También Diego de Abriles se iba reponiendo lentamente del balazo que antes de caer le enviara Niño MacCoy. Además de Guzmán y Silveira, varios comerciantes acomodados intervenían en la administración de los asuntos del sheriff. Ellos fueron quienes hicieron pedazos las nuevas órdenes de detención que desde San Francisco se enviaron contra los «Tres». También fueron ellos quienes reclamaron el pago del premio concedido por quien acabase o detuviera al Niño MacCoy.

—Nunca hemos cobrado por matar a un hombre —declaró Guzmán, cuando una comisión quiso hacerle entrega de diez mil dólares, que era el total de los premios ofrecidos por la captura o muerte del famoso bandido.

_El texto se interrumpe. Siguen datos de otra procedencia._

(* Let $(X,*,0)$ be a solid weak BCC-algebra and define $x\wedge y=y*(y*x)$. Then the following are equivalent: (1) $X$ is branchwise commutative; (2) for each $a\in I(X)$, the branch $B(a)$ is a semilattice with respect to the operation $\wedge$; (3) $A(x)\cap A(y)=A(x\wedge y)$ for all $x,y$ belonging to the same branch.
   Context: A weak BCC-algebra is a set $X$ with a binary operation $*$ and a constant $0$ satisfying, for all $x,y,z\in X$: (i) $((x*y)*(z*y))*(x*z)=0$; (ii) $x*x=0$; (iii) $x*0=x$; (iv) $x*y=y*x=0$ implies $x=y$. The relation $x\leqslant y$ iff $x*y=0$ is a partial order on $X$. Let $I(X)$ be the set of minimal elements of $X$ with respect to $\leqslant$. For $a\in I(X)$ the branch initiated by $a$ is $B(a)=\{x\in X: a\leqslant x\}$; ''belonging to the same branch'' means lying in a common $B(a)$. For $b\in X$, the initial part is $A(b)=\{x\in X: x\leqslant b\}$. A weak BCC-algebra is called (left) solid if $(x*y)*z=(x*z)*y$ holds for all $x,y$ belonging to the same branch and all $z\in X$. It is called branchwise commutative if $x*(x*y)=y*(y*x)$ holds for all $x,y$ belonging to the same branch. *)

Section WeakBCC.
Variables (X : Type) (op : X -> X -> X) (e : X).
Local Infix "*" := op.

Definition weak_BCC : Prop :=
  (forall x y z, ((x * y) * (z * y)) * (x * z) = e) /\
  (forall x, x * x = e) /\
  (forall x, x * e = x) /\
  (forall x y, x * y = e -> y * x = e -> x = y).

Definition bcc_le (x y : X) : Prop := x * y = e.

Definition minimal_elt (a : X) : Prop := forall x, bcc_le x a -> x = a.

Definition branch (a : X) (x : X) : Prop := bcc_le a x.

Definition same_branch (x y : X) : Prop :=
  exists a, minimal_elt a /\ branch a x /\ branch a y.

Definition initial_part (b : X) (x : X) : Prop := bcc_le x b.

Definition solid : Prop :=
  forall x y z, same_branch x y -> (x * y) * z = (x * z) * y.

Definition branchwise_commutative : Prop :=
  forall x y, same_branch x y -> x * (x * y) = y * (y * x).

Definition bmeet (x y : X) : X := y * (y * x).

End WeakBCC.

Definition semilattice_on {X : Type} (S : X -> Prop) (f : X -> X -> X) : Prop :=
  (forall x y, S x -> S y -> S (f x y)) /\
  (forall x, S x -> f x x = x) /\
  (forall x y, S x -> S y -> f x y = f y x) /\
  (forall x y z, S x -> S y -> S z -> f x (f y z) = f (f x y) z).


(* In a solid weak BCC-algebra, [x /\ y = y * (y * x)] is always a lower bound
   of x and y lying in their common branch, and every element below x lies in
   the branch of x.  Branchwise commutativity is exactly what makes it the
   greatest lower bound: if t <= x and t <= y then y * (y * t) = t, so
   t <= y * (y * x) by antitonicity of [y * _].  Hence (1) gives a meet
   semilattice on each branch (2), and (2) gives (1) by commutativity.  (3)
   restates the glb property, and conversely applying (3) to the lower bounds
   x /\ y and y /\ x yields their equality, i.e. (1). *)

Section WeakBCC.
Variables (X : Type) (op : X -> X -> X) (e : X).
Hypothesis HX : weak_BCC X op e.

Local Infix "*" := op.
Local Notation "x <= y" := (x * y = e).
Local Notation minimal := (minimal_elt X op e).
Local Notation meet := (bmeet X op).

Lemma bcc_axiom x y z : ((x * y) * (z * y)) * (x * z) = e.
Proof. apply (proj1 HX). Qed.

Lemma bcc_opxx x : x * x = e.
Proof. apply (proj1 (proj2 HX)). Qed.

Lemma bcc_opx0 x : x * e = x.
Proof. apply (proj1 (proj2 (proj2 HX))). Qed.

Lemma bcc_le_anti x y : x <= y -> y <= x -> x = y.
Proof. apply (proj2 (proj2 (proj2 HX))). Qed.

Lemma bcc_le_op2r x y z : x <= y -> x * z <= y * z.
Proof. intros Hxy. generalize (bcc_axiom x z y). now rewrite Hxy, bcc_opx0. Qed.

Lemma bcc_le_op2l x y z : z <= y -> x * y <= x * z.
Proof. intros Hzy. generalize (bcc_axiom x y z). now rewrite Hzy, bcc_opx0. Qed.

Lemma bcc_le0 u : u <= e -> u = e.
Proof. now rewrite bcc_opx0. Qed.

Lemma bcc_le_trans x y z : x <= y -> y <= z -> x <= z.
Proof.
  intros Hxy Hyz. apply bcc_le0.
  generalize (bcc_le_op2l x z y Hyz). now rewrite Hxy.
Qed.

Lemma same_branch_sym x y : same_branch X op e x y -> same_branch X op e y x.
Proof. intros (a & Ha & Hx & Hy). now exists a. Qed.

Lemma minimal_op0op0 a : minimal a -> e * (e * a) = a.
Proof.
  intros Ha. apply Ha. unfold bcc_le.
  generalize (bcc_axiom a a e). now rewrite bcc_opxx, bcc_opx0.
Qed.

Lemma minimal_op_branch0 a z : minimal a -> e <= z -> a * z = a.
Proof.
  intros Ha Hz. apply Ha. unfold bcc_le.
  generalize (bcc_axiom a z e). now rewrite Hz, !bcc_opx0.
Qed.

Lemma branch_op_branch0 a x y : a <= x -> a <= y -> e <= x * y.
Proof. intros Hx Hy. generalize (bcc_le_op2r a x y Hx). now rewrite Hy. Qed.

Lemma branch_below a x t : minimal a -> a <= x -> t <= x -> a <= t.
Proof.
  intros Ha Hax Htx.
  assert (Hta : e <= t * a).
  { generalize (bcc_axiom t x a). now rewrite Htx, Hax, bcc_opxx. }
  apply bcc_le_trans with ((t * a) * (e * a)).
  - generalize (bcc_axiom e (e * a) (t * a)).
    now rewrite (minimal_op0op0 a Ha), Hta, bcc_opx0.
  - generalize (bcc_axiom t a e). now rewrite bcc_opx0.
Qed.

Lemma branch_meet a x y : minimal a -> a <= x -> a <= y -> a <= meet x y.
Proof.
  intros Ha Hx Hy. unfold bmeet.
  generalize (bcc_le_op2r a y (y * x) Hy).
  now rewrite (minimal_op_branch0 a (y * x) Ha (branch_op_branch0 a y x Hy Hx)).
Qed.

Section Solid.
Hypothesis Hsolid : solid X op e.

Lemma meet_le_l x y : same_branch X op e x y -> meet x y <= x.
Proof.
  intros Hb. unfold bmeet.
  generalize (Hsolid y x (y * x) (same_branch_sym x y Hb)).
  now rewrite bcc_opxx.
Qed.

Lemma meet_le_r x y : same_branch X op e x y -> meet x y <= y.
Proof.
  intros (a & Ha & Hx & Hy). unfold bmeet.
  assert (Hyy : same_branch X op e y y) by now exists a.
  generalize (Hsolid y y (y * x) Hyy).
  now rewrite bcc_opxx, (branch_op_branch0 a y x Hy Hx).
Qed.

Section BranchwiseCommutative.
Hypothesis Hcomm : branchwise_commutative X op e.

Lemma meet_glb a x y t : minimal a -> a <= x -> a <= y ->
  t <= x -> t <= y -> t <= meet x y.
Proof.
  intros Ha Hx Hy Htx Hty. unfold bmeet.
  assert (Hyt : y * (y * t) = t).
  { rewrite (Hcomm y t) by (exists a; repeat split; auto; exact (branch_below a x t Ha Hx Htx)).
    now rewrite Hty, bcc_opx0. }
  rewrite <- Hyt.
  now apply bcc_le_op2l, bcc_le_op2l.
Qed.

Lemma branchwise_commutative_semilattice a :
  minimal a -> semilattice_on (branch X op e a) meet.
Proof.
  intros Ha. unfold branch, bcc_le.
  assert (Hb : forall u v, a <= u -> a <= v -> same_branch X op e u v)
    by now exists a.
  repeat split.
  - intros x y. now apply branch_meet.
  - intros x _. unfold bmeet. now rewrite bcc_opxx, bcc_opx0.
  - intros x y Hx Hy. symmetry. now apply Hcomm, Hb.
  - (* Both sides are the greatest lower bound of x, y and z. *)
    intros x y z Hx Hy Hz.
    assert (Hyz := branch_meet a y z Ha Hy Hz).
    assert (Hxy := branch_meet a x y Ha Hx Hy).
    assert (HL := branch_meet a x _ Ha Hx Hyz).
    assert (HR := branch_meet a _ z Ha Hxy Hz).
    assert (Hyz_y := meet_le_l y z (Hb _ _ Hy Hz)).
    assert (Hyz_z := meet_le_r y z (Hb _ _ Hy Hz)).
    assert (Hxy_x := meet_le_l x y (Hb _ _ Hx Hy)).
    assert (Hxy_y := meet_le_r x y (Hb _ _ Hx Hy)).
    assert (HL_x := meet_le_l x _ (Hb _ _ Hx Hyz)).
    assert (HL_yz := meet_le_r x _ (Hb _ _ Hx Hyz)).
    assert (HR_xy := meet_le_l _ z (Hb _ _ Hxy Hz)).
    assert (HR_z := meet_le_r _ z (Hb _ _ Hxy Hz)).
    apply bcc_le_anti; apply (meet_glb a); eauto using bcc_le_trans;
      apply (meet_glb a); eauto using bcc_le_trans.
Qed.

Lemma branchwise_commutative_initial_part x y : same_branch X op e x y ->
  forall t, (initial_part X op e x t /\ initial_part X op e y t) <->
            initial_part X op e (meet x y) t.
Proof.
  intros Hb t. unfold initial_part, bcc_le.
  destruct Hb as (a & Ha & Hx & Hy). split.
  - intros [Htx Hty]. now apply (meet_glb a).
  - intros Ht. split; eapply bcc_le_trans; eauto.
    + apply meet_le_l. now exists a.
    + apply meet_le_r. now exists a.
Qed.

End BranchwiseCommutative.

Lemma semilattice_branchwise_commutative :
  (forall a, minimal a -> semilattice_on (branch X op e a) meet) ->
  branchwise_commutative X op e.
Proof.
  intros Hsl x y (a & Ha & Hx & Hy).
  destruct (Hsl a Ha) as (_ & _ & Hc & _).
  symmetry. exact (Hc x y Hx Hy).
Qed.

Lemma initial_part_branchwise_commutative :
  (forall x y, same_branch X op e x y ->
     forall t, (initial_part X op e x t /\ initial_part X op e y t) <->
               initial_part X op e (meet x y) t) ->
  branchwise_commutative X op e.
Proof.
  intros Hglb x y Hb.
  assert (Hb' := same_branch_sym x y Hb).
  apply bcc_le_anti.
  - apply (Hglb x y Hb). split.
    + exact (meet_le_r y x Hb').
    + exact (meet_le_l y x Hb').
  - apply (Hglb y x Hb'). split.
    + exact (meet_le_r x y Hb).
    + exact (meet_le_l x y Hb).
Qed.

End Solid.
End WeakBCC.

Theorem theorem3p7 (X : Type) (op : X -> X -> X) (e : X)
  (HX : weak_BCC X op e) (Hsolid : solid X op e) :
  (branchwise_commutative X op e <->
     (forall a, minimal_elt X op e a ->
        semilattice_on (branch X op e a) (bmeet X op))) /\
  ((forall a, minimal_elt X op e a ->
        semilattice_on (branch X op e a) (bmeet X op)) <->
     (forall x y, same_branch X op e x y ->
        forall t, (initial_part X op e x t /\ initial_part X op e y t) <->
                  initial_part X op e (bmeet X op x y) t)).
Proof.
  split; split; intros H.
  - exact (branchwise_commutative_semilattice X op e HX Hsolid H).
  - exact (semilattice_branchwise_commutative X op e H).
  - apply (branchwise_commutative_initial_part X op e HX Hsolid).
    exact (semilattice_branchwise_commutative X op e H).
  - apply (branchwise_commutative_semilattice X op e HX Hsolid).
    exact (initial_part_branchwise_commutative X op e HX Hsolid H).
Qed.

Fue inútil toda insistencia. Creyendo que Abriles, que al fin y al cabo llevaba en el cuerpo una bala salida del revólver del bandido, podría aceptar el premio que como matador de MacCoy le correspondía, unos cuantos comisionados se introdujeron hasta su habitación, ofreciendo la bolsa de monedas de oro, que Abriles rechazó con las mismas palabras pronunciadas por su compañero.

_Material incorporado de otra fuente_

(* For odd $N\ge5$ let $G_{N,1}$ be the graph with vertex set $\mathbb Z_N$ in which two distinct vertices $i,j$ are adjacent iff $j-i\not\equiv\pm1\pmod N$. Fix an integer $q\ge 1$ independent of $N$, and for each $N$ let $u,v\in\mathbb Z_N$ with $v-u\equiv q\pmod N$. Then the effective resistance $R^{(1)}(u,v)$ in $G_{N,1}$ satisfies \[ R^{(1)}(u,v)\sim\frac{2}{N}\qquad (N\to\infty \text{ through odd integers}). \]
   Context: Effective resistance is computed with unit conductance on every edge; $a_N\sim b_N$ means $a_N/b_N\to1$. *)

From HB Require Import structures.
From mathcomp Require Import all_boot all_order all_algebra.
From mathcomp Require Import reals.
Set Implicit Arguments. Unset Strict Implicit. Unset Printing Implicit Defensive.
Import Order.TTheory GRing.Theory Num.Theory.
Local Open Scope ring_scope.

Definition adjG1 (N : nat) (i j : 'I_N) : bool :=
  [&& i != j, ((j + N - i) %% N)%N != 1%N & ((i + N - j) %% N)%N != 1%N].

Definition laplacian (R : fieldType) (N : nat) (adj : 'I_N -> 'I_N -> bool)
  : 'M[R]_N :=
  \matrix_(i, j) (if i == j then (#|[set k | adj i k]|)%:R
                  else - ((adj i j)%:R)).

(* Here pinvmx is a
   generalized inverse of L; for b in the range of L (connected graph) the
   quadratic form b X b^T does not depend on the choice of generalized
   inverse X, so this is the usual effective resistance (= potential
   difference phi u - phi v of any solution of L phi = e_u - e_v). *)
Definition eff_res (R : fieldType) (N : nat) (adj : 'I_N -> 'I_N -> bool)
  (u v : 'I_N) : R :=
  let b : 'rV[R]_N := delta_mx 0 u - delta_mx 0 v in
  (b *m pinvmx (laplacian R adj) *m b^T) 0 0.

From HB Require Import structures.
From mathcomp Require Import all_boot all_order all_algebra.
From mathcomp Require Import reals.
From mathcomp Require Import zify ring lra.
Import Order.TTheory GRing.Theory Num.Theory.
Set Implicit Arguments. Unset Strict Implicit. Unset Printing Implicit Defensive.
Local Open Scope ring_scope.

(* Let L and Lc be the Laplacians of G = G_{N,1} and of its complement, the
   N-cycle, and J the all-ones matrix.  Then L + J = N I - Lc.  Every row of
   Lc has absolute sum at most 4, so N I - Lc obeys a maximum principle: the
   solution y of y (N I - Lc) = e_u - e_v has entries of size at most
   1/(N-4).  This y also solves y L = e_u - e_v, hence
   R(u,v) = y_u - y_v = (2 + (y Lc)_u - (y Lc)_v) / N with |(y Lc)_w| <= 4/(N-4),
   i.e. |R(u,v) N/2 - 1| <= 4/(N-4).  The argument only uses that the
   complement has bounded degree d (with 2d in place of 4). *)

Definition compl_adj N (adj : rel 'I_N) : rel 'I_N := fun i j => (i != j) && ~~ adj i j.

Definition deg N (adj : rel 'I_N) (i : 'I_N) : nat := #|[set k | adj i k]|.

Section Laplacian.
Variables (R : fieldType) (N : nat) (adj : rel 'I_N).
Hypotheses (adj_sym : symmetric adj) (adj_irr : irreflexive adj).

Lemma compl_adj_sym : symmetric (compl_adj adj).
Proof. by move=> i j; rewrite /compl_adj eq_sym adj_sym. Qed.

Lemma compl_adj_irr : irreflexive (compl_adj adj).
Proof. by move=> i; rewrite /compl_adj eqxx. Qed.

Lemma deg_natr (i : 'I_N) : (deg adj i)%:R = \sum_k (adj i k)%:R :> R.
Proof.
rewrite /deg -sum1_card natr_sum big_mkcond /=; apply: eq_bigr => k _.
by rewrite inE; case: (adj i k).
Qed.

Lemma deg_add_deg_compl (i : 'I_N) : (deg adj i + deg (compl_adj adj) i).+1 = N.
Proof.
have disj : [set k | adj i k] :&: [set k | compl_adj adj i k] = set0.
  by apply/setP => k; rewrite !inE /compl_adj; case: (adj i k); rewrite ?andbF.
have cover : [set k | adj i k] :|: [set k | compl_adj adj i k] = [set~ i].
  apply/setP => k; rewrite !inE /compl_adj eq_sym.
  by case: eqVneq => [->|]; rewrite ?adj_irr //; case: (adj i k).
rewrite /deg -cardsUI disj cards0 addn0 cover cardsC1 card_ord.
by rewrite prednK // (leq_ltn_trans (leq0n i) (ltn_ord i)).
Qed.

Lemma laplacian_sym : (laplacian R adj)^T = laplacian R adj.
Proof.
by apply/matrixP => i j; rewrite !mxE eq_sym adj_sym; case: eqVneq => // ->.
Qed.

Lemma laplacian_mul_const1 : laplacian R adj *m (const_mx 1 : 'cV_N) = 0.
Proof.
apply/matrixP => i j; rewrite !mxE (bigD1 i) //= !mxE eqxx mulr1.
rewrite -[#|_|]/(deg adj i) deg_natr (bigD1 i) //= adj_irr add0r -big_split.
rewrite big1 // => k ki.
by rewrite !mxE eq_sym (negbTE ki) mulr1 /= subrr.
Qed.

Lemma laplacian_add_const1 :
  laplacian R adj + const_mx 1 = N%:R%:M - laplacian R (compl_adj adj).
Proof.
apply/matrixP => i j; rewrite !mxE.
case: (eqVneq i j) => [->|ij].
  have := congr1 (fun n => n%:R : R) (deg_add_deg_compl j).
  by rewrite mulr1n -addn1 !natrD => <-; rewrite /deg; ring.
by rewrite /compl_adj ij /=; case: (adj i j); rewrite /= ?mulr1n ?mulr0n; ring.
Qed.

Lemma eff_res_potential (u v : 'I_N) (y : 'rV[R]_N) :
  y *m laplacian R adj = delta_mx 0 u - delta_mx 0 v ->
  eff_res R adj u v = y 0 u - y 0 v.
Proof.
rewrite /eff_res => yL; rewrite -yL.
have -> : (y *m laplacian R adj)^T = laplacian R adj *m y^T.
  by rewrite trmx_mul laplacian_sym.
by rewrite mulmxA mulmxKpV ?submxMl // yL mulmxBl -!rowE !mxE.
Qed.

End Laplacian.

Lemma const1_mul_const1 (R : pzSemiRingType) N :
  (const_mx 1 : 'M[R]_N) *m (const_mx 1 : 'cV_N) = N%:R *: const_mx 1.
Proof.
apply/matrixP => i j; rewrite !mxE.
by under eq_bigr do rewrite !mxE mulr1; rewrite sumr_const card_ord mulr1.
Qed.

Lemma mul_laplacian_of_add_const1 (R : numFieldType) N (adj : rel 'I_N)
    (adj_irr : irreflexive adj) (u v : 'I_N) (y : 'rV[R]_N) :
  y *m (laplacian R adj + const_mx 1) = delta_mx 0 u - delta_mx 0 v ->
  y *m laplacian R adj = delta_mx 0 u - delta_mx 0 v.
Proof.
move=> yM; set one : 'cV[R]_N := const_mx 1.
have N_gt0 : (0 < N)%N by apply: leq_ltn_trans (ltn_ord u).
have y_one : y *m one = 0.
  (* Right multiplication by [one] kills [laplacian R adj] and [e_u - e_v],
     leaving [N *: (y *m one) = 0]. *)
  have := congr1 (mulmx^~ one) yM.
  rewrite -mulmxA mulmxDl laplacian_mul_const1 // add0r const1_mul_const1.
  rewrite -scalemxAr mulmxBl -!rowE !row_const subrr => /eqP.
  by rewrite scalemx_eq0 pnatr_eq0 gtn_eqF // => /eqP.
have yJ : y *m (const_mx 1 : 'M_N) = 0.
  apply/rowP => j; rewrite [RHS]mxE; transitivity ((y *m one) 0 0).
    by rewrite !mxE; apply: eq_bigr => i _; rewrite !mxE.
  by rewrite y_one mxE.
by rewrite -yM mulmxDr yJ addr0.
Qed.

Section MaximumPrinciple.
Variables (R : realFieldType) (N d : nat) (adj : rel 'I_N).
Hypotheses (adj_sym : symmetric adj) (adj_irr : irreflexive adj)
  (deg_le : forall i, (deg adj i <= d)%N).

Lemma norm_laplacian (i j : 'I_N) :
  `|laplacian R adj i j| = (i == j)%:R * (deg adj j)%:R + (adj j i)%:R.
Proof.
rewrite mxE adj_sym; case: eqVneq => [->|_].
  by rewrite adj_irr normr_nat mul1r addr0.
by rewrite normrN normr_nat mul0r add0r.
Qed.

Lemma norm_mul_laplacian_le (y : 'rV[R]_N) (c : R) :
  (forall i, `|y 0 i| <= c) -> forall j, `|(y *m laplacian R adj) 0 j| <= 2 * d%:R * c.
Proof.
move=> y_le j; have c_ge0 : 0 <= c := le_trans (normr_ge0 _) (y_le j).
rewrite mxE; apply: le_trans (ler_norm_sum _ _ _) _.
apply: (@le_trans _ _ (\sum_i c * `|laplacian R adj i j|)).
  by apply: ler_sum => i _; rewrite normrM ler_wpM2r.
rewrite -mulr_sumr; under eq_bigr do rewrite norm_laplacian.
rewrite big_split /= (bigD1 j) //= big1 => [|i /negbTE ->]; last by rewrite mul0r.
rewrite eqxx mul1r addr0 -deg_natr mulrC ler_wpM2r //.
by have := deg_le j; rewrite -(ler_nat R); lra.
Qed.

Lemma max_principle (y b : 'rV[R]_N) (beta : R) :
  y *m (N%:R%:M - laplacian R adj) = b -> (forall i, `|b 0 i| <= beta) ->
  forall i, `|y 0 i| * (N%:R - 2 * d%:R) <= beta.
Proof.
move=> yM b_le i.
have [j _ y_max] := @arg_maxP _ _ _ i xpredT (fun k => `|y 0 k|) isT.
have {}y_max k : `|y 0 k| <= `|y 0 j| := y_max k isT.
have L_le := norm_mul_laplacian_le y_max j.
have yj_le : N%:R * `|y 0 j| <= beta + 2 * d%:R * `|y 0 j|.
  rewrite -normr_nat -normrM -[N%:R * _](subrK ((y *m laplacian R adj) 0 j)).
  apply: le_trans (ler_normD _ _) (lerD _ L_le).
  by have := b_le j; rewrite -yM mulmxBr mul_mx_scalar !mxE.
have := y_max i; have := normr_ge0 (y 0 i); have := le_trans (normr_ge0 _) (b_le i).
by have [s|s] := leP 0 (N%:R - 2 * d%:R : R); nra.
Qed.

Lemma shifted_laplacian_unit : (2 * d < N)%N -> N%:R%:M - laplacian R adj \in unitmx.
Proof.
move=> dN; rewrite -row_free_unit -kermx_eq0; apply/rowV0P => y /sub_kermxP yM.
have dN' : 2 * d%:R < N%:R :> R by rewrite -natrM ltr_nat.
have zero_le k : `|(0 : 'rV[R]_N) 0 k| <= 0 by rewrite mxE normr0.
apply/rowP => i; have := max_principle yM zero_le i.
by rewrite !mxE pmulr_lle0 ?subr_gt0 // normr_le0 => /eqP.
Qed.

End MaximumPrinciple.

Theorem eff_res_sparse_complement (R : realFieldType) N d (adj : rel 'I_N)
    (adj_sym : symmetric adj) (adj_irr : irreflexive adj)
    (compl_deg_le : forall i, (deg (compl_adj adj) i <= d)%N) (dN : (2 * d < N)%N)
    (u v : 'I_N) :
  u != v -> `|eff_res R adj u v / (2 / N%:R) - 1| <= 2 * d%:R / (N%:R - 2 * d%:R).
Proof.
move=> uv; set b : 'rV[R]_N := delta_mx 0 u - delta_mx 0 v.
set Lc := laplacian R (compl_adj adj).
have csym := compl_adj_sym adj_sym; have cirr := compl_adj_irr adj.
have dN' : 2 * d%:R < N%:R :> R by rewrite -natrM ltr_nat.
have N_neq0 : N%:R != 0 :> R by rewrite pnatr_eq0 gtn_eqF //; lia.
have [y yM] : exists y, y *m (N%:R%:M - Lc) = b.
  exists (b *m invmx (N%:R%:M - Lc)).
  by rewrite mulmxKV // (shifted_laplacian_unit R csym cirr compl_deg_le).
have -> : eff_res R adj u v = y 0 u - y 0 v.
  apply: (eff_res_potential adj_sym); apply: (mul_laplacian_of_add_const1 adj_irr).
  by rewrite laplacian_add_const1.
have yE k : y 0 k = (b 0 k + (y *m Lc) 0 k) / N%:R.
  have NyE : N%:R *: y = b + y *m Lc by rewrite -yM mulmxBr mul_mx_scalar subrK.
  have := congr1 (fun M : 'rV_N => M 0 k) NyE; rewrite mxE [X in _ = X]mxE => <-.
  by rewrite [N%:R * _]mulrC mulfK.
have bu : b 0 u = 1 by rewrite !mxE !eqxx (negbTE uv) subr0.
have bv : b 0 v = -1 by rewrite !mxE !eqxx eq_sym (negbTE uv) sub0r.
have b_le k : `|b 0 k| <= 1.
  rewrite !mxE eqxx /=; case: (k == u); case: (k == v);
  by rewrite /= ?subrr ?subr0 ?sub0r ?normrN ?normr1 ?normr0.
have y_le k : `|y 0 k| <= 1 / (N%:R - 2 * d%:R).
  by rewrite ler_pdivlMr ?subr_gt0 // (max_principle csym cirr compl_deg_le yM b_le).
have Lu := norm_mul_laplacian_le csym cirr compl_deg_le y_le u.
have Lv := norm_mul_laplacian_le csym cirr compl_deg_le y_le v.
have -> : (y 0 u - y 0 v) / (2 / N%:R) - 1 = ((y *m Lc) 0 u - (y *m Lc) 0 v) / 2.
  by rewrite !yE bu bv; field.
have -> : 2 * d%:R / (N%:R - 2 * d%:R) = 2 * d%:R * (1 / (N%:R - 2 * d%:R)) :> R.
  by rewrite mulrA mulr1.
move: Lu Lv; rewrite -/Lc; set k := 2 * d%:R * _.
rewrite !ler_norml => /andP[Lu1 Lu2] /andP[Lv1 Lv2]; apply/andP; split; lra.
Qed.

Lemma modn_lt_double m N : (m < N + N)%N -> (m %% N = if m < N then m else m - N)%N.
Proof.
move=> m_lt; case: ltnP => [m_ltN|N_le]; first by rewrite modn_small.
by rewrite -(subnK N_le) modnDr modn_small ?addnK //; lia.
Qed.

Lemma adjG1_sym N : symmetric (@adjG1 N).
Proof. by move=> i j; rewrite /adjG1 eq_sym [X in _ && X]andbC. Qed.

Lemma adjG1_irr N : irreflexive (@adjG1 N).
Proof. by move=> i; rewrite /adjG1 eqxx. Qed.

Lemma compl_adjG1_cycle N (i j : 'I_N) :
  compl_adj (@adjG1 N) i j -> (val j = i.+1 %% N)%N \/ (val j = (i + N.-1) %% N)%N.
Proof.
rewrite /compl_adj /adjG1 => /andP[ij]; rewrite ij /= negb_and !negbK.
have ij' : nat_of_ord i <> j by move=> /val_inj; apply/eqP.
move: (ltn_ord i) (ltn_ord j) => i_lt j_lt /orP[] /eqP.
all: by rewrite !modn_lt_double; try lia; repeat case: ifP; lia.
Qed.

Lemma deg_compl_adjG1_le N (i : 'I_N) : (deg (compl_adj (@adjG1 N)) i <= 2)%N.
Proof.
have N_gt0 : (0 < N)%N by apply: leq_ltn_trans (ltn_ord i).
pose a := Ordinal (ltn_pmod i.+1 N_gt0); pose b := Ordinal (ltn_pmod (i + N.-1) N_gt0).
apply: leq_trans (subset_leq_card (_ : _ \subset [set a; b])) _.
  apply/subsetP => j; rewrite !inE => /compl_adjG1_cycle[] e; apply/orP.
    by left; apply/eqP/val_inj.
  by right; apply/eqP/val_inj.
by rewrite cards2 ltnS leq_b1.
Qed.

Lemma neq_of_modn_add N (u v : 'I_N) q :
  (0 < q < N)%N -> (v == u + q %[mod N])%N -> u != v.
Proof.
move=> q_bd; apply: contraTneq => <-.
rewrite modn_small // modn_lt_double; last by have := ltn_ord u; lia.
by case: ifP; lia.
Qed.

Lemma eventually_div_lt (R : archiRealFieldType) (c eps : R) (k : nat) : 0 < eps ->
  exists N0, forall N, (N0 <= N)%N -> c / (N%:R - k%:R) < eps.
Proof.
move=> eps_gt0; exists ((Num.truncn (c / eps)).+1 + k)%N => N N_ge.
have Nk : (Num.truncn (c / eps)).+1%:R <= N%:R - k%:R :> R.
  by rewrite lerBrDr -natrD ler_nat.
rewrite ltr_pdivrMr; last by apply: lt_le_trans Nk; rewrite ltr0n.
by rewrite mulrC -ltr_pdivrMr //; apply: lt_le_trans Nk; exact: truncnS_gt.
Qed.

Theorem mainTheorem11 (R : realType) (q : nat) (hq : (1 <= q)%N) :
  forall eps : R, 0 < eps ->
  exists N0 : nat, forall (N : nat), (5 <= N)%N -> odd N -> (N0 <= N)%N ->
    forall u v : 'I_N, (v == u + q %[mod N])%N ->
      `| eff_res R (@adjG1 N) u v / (2 / N%:R) - 1 | < eps.
Proof.
move=> eps eps_gt0; have [N0 N0_ok] := eventually_div_lt 4 4 eps_gt0.
exists (N0 + q.+1)%N => N N_ge5 _ N_ge u v uv_q.
have uv : u != v by apply: (neq_of_modn_add (q := q)) => //; rewrite hq; lia.
apply: le_lt_trans (eff_res_sparse_complement R (@adjG1_sym N) (@adjG1_irr N)
  (@deg_compl_adjG1_le N) _ uv) _; first by lia.
by rewrite -natrM; apply: N0_ok; lia.
Qed.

—No cobramos por matar a un hombre.

Al fin, por indicación de César Guzmán, los del pueblo decidieron invertir aquel dinero en la renovación de la iglesia, en traer un sacerdote católico, pues hacía varios años que faltaba, comprar ornamentos religiosos y algunas imágenes.

—¿Por qué no se quedan entre nosotros? —preguntaba un día a Abriles, el propietario del almacén—. Aquí nadie vendrá a buscarles. Será como si hubiesen muerto. Podrían quedarse en las tierras de Hopkins. Aún no se han vendido. Si lo propongo, todos estarán conformes en que sean para ustedes.

Una leve sonrisa floreció en los labios de los dos hombres.

—Es inútil. No sabríamos vivir aquí. Tal vez regresemos alguna vez; pero hasta entonces tenemos que seguir nuestro camino, nuestra suerte.

Las palabras de Guzmán hicieron inclinar la cabeza al tendero.

—Comprendo —murmuró—. Lamento que no puedan quedarse. Ayer mismo estaba diciendo a mi amigo Sampedro que teniéndoles a ustedes aquí tendríamos asegurada la tranquilidad para siempre. Ningún cuatrero se atrevería a acercarse a estos lugares.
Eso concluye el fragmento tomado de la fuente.